Records drawn from a dataset:
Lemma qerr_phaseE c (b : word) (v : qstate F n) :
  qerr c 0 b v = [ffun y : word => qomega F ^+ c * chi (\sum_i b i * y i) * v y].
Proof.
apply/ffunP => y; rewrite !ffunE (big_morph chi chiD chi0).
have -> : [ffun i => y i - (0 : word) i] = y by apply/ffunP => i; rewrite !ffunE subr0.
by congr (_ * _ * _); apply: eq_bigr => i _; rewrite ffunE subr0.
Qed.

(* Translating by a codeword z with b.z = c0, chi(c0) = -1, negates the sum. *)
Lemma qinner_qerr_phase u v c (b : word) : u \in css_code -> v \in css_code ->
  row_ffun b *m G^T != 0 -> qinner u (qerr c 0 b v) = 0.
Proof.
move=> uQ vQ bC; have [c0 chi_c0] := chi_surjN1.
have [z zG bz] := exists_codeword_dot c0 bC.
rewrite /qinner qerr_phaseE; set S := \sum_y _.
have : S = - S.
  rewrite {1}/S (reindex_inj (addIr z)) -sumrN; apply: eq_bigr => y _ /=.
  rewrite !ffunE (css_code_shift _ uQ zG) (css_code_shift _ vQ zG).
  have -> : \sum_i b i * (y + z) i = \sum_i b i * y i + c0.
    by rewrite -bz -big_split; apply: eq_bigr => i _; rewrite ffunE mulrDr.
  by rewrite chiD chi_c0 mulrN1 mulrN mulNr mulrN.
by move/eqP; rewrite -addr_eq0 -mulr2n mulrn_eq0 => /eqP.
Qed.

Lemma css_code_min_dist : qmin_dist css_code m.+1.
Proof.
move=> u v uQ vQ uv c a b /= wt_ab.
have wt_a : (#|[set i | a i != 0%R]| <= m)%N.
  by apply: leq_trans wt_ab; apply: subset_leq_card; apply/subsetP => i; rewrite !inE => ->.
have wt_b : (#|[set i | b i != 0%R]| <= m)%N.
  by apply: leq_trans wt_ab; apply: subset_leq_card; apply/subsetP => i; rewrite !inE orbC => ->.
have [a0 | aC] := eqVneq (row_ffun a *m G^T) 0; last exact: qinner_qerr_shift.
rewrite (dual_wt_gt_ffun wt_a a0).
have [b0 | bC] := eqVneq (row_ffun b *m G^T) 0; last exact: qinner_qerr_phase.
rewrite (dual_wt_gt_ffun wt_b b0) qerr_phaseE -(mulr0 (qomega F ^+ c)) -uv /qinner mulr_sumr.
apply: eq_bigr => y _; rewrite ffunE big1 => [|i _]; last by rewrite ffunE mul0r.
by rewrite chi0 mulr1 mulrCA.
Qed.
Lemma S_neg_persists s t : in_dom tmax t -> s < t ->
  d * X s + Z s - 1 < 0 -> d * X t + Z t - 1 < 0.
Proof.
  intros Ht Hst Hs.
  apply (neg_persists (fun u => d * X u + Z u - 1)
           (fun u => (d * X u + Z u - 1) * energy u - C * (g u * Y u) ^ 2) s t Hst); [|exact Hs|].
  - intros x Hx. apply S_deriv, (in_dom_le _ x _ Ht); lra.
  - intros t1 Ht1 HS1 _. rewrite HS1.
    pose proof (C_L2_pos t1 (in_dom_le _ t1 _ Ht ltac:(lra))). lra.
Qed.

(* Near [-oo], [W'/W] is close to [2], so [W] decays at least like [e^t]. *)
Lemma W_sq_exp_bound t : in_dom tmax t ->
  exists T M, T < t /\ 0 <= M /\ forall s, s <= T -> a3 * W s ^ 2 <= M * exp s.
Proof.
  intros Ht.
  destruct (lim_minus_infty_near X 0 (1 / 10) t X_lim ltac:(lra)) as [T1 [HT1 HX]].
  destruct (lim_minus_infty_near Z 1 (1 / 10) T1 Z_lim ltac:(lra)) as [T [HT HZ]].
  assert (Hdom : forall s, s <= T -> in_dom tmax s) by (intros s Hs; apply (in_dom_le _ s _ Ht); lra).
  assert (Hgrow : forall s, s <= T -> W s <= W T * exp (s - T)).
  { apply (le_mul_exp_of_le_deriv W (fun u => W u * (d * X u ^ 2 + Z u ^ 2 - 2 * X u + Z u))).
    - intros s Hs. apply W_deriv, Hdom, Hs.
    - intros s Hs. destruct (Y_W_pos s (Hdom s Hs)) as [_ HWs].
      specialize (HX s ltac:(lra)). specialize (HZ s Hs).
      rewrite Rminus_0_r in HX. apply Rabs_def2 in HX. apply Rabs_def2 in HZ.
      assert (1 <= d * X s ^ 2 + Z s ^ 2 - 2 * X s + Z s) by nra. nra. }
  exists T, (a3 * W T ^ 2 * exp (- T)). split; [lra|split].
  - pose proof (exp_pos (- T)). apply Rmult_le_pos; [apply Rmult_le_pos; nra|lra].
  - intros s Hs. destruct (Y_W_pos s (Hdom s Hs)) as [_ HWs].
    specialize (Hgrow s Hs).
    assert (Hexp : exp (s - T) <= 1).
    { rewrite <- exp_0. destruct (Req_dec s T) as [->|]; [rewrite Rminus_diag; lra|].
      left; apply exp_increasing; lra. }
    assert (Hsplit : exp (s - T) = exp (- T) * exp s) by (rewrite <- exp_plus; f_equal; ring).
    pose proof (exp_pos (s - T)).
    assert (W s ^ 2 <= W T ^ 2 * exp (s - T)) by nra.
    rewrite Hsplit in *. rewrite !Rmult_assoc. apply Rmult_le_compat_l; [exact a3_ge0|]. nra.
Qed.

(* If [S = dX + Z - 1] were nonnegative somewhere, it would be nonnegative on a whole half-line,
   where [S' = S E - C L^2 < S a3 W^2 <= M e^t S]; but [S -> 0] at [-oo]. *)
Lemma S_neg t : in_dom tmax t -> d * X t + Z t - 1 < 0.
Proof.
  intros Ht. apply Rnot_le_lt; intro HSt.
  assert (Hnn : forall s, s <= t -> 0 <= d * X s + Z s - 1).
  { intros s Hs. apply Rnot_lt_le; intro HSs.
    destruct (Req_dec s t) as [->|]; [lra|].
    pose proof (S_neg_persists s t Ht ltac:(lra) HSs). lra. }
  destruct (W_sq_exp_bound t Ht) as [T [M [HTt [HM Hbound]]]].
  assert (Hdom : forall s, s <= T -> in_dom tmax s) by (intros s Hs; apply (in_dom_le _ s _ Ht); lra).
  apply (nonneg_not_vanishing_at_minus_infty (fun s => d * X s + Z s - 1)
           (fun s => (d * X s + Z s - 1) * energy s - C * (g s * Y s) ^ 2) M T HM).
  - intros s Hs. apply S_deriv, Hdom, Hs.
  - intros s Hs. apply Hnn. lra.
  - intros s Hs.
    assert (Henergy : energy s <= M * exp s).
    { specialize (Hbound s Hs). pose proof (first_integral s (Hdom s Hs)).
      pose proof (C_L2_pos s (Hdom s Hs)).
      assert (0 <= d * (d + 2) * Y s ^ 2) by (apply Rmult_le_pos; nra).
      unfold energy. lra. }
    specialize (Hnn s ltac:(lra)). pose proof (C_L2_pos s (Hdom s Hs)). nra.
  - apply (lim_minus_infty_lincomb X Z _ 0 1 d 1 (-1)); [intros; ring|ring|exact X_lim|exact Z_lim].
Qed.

What the task asks:
Set down only the lines above that fall between the line holding "have [b0 | bC]" and the line holding "apply (neg_persists (fun", inclusive, keeping each exact.

Result of the exercise:
have [b0 | bC] := eqVneq (row_ffun b *m G^T) 0; last exact: qinner_qerr_phase.
rewrite (dual_wt_gt_ffun wt_b b0) qerr_phaseE -(mulr0 (qomega F ^+ c)) -uv /qinner mulr_sumr.
apply: eq_bigr => y _; rewrite ffunE big1 => [|i _]; last by rewrite ffunE mul0r.
by rewrite chi0 mulr1 mulrCA.
Qed.
Lemma S_neg_persists s t : in_dom tmax t -> s < t ->
  d * X s + Z s - 1 < 0 -> d * X t + Z t - 1 < 0.
Proof.
  intros Ht Hst Hs.
  apply (neg_persists (fun u => d * X u + Z u - 1)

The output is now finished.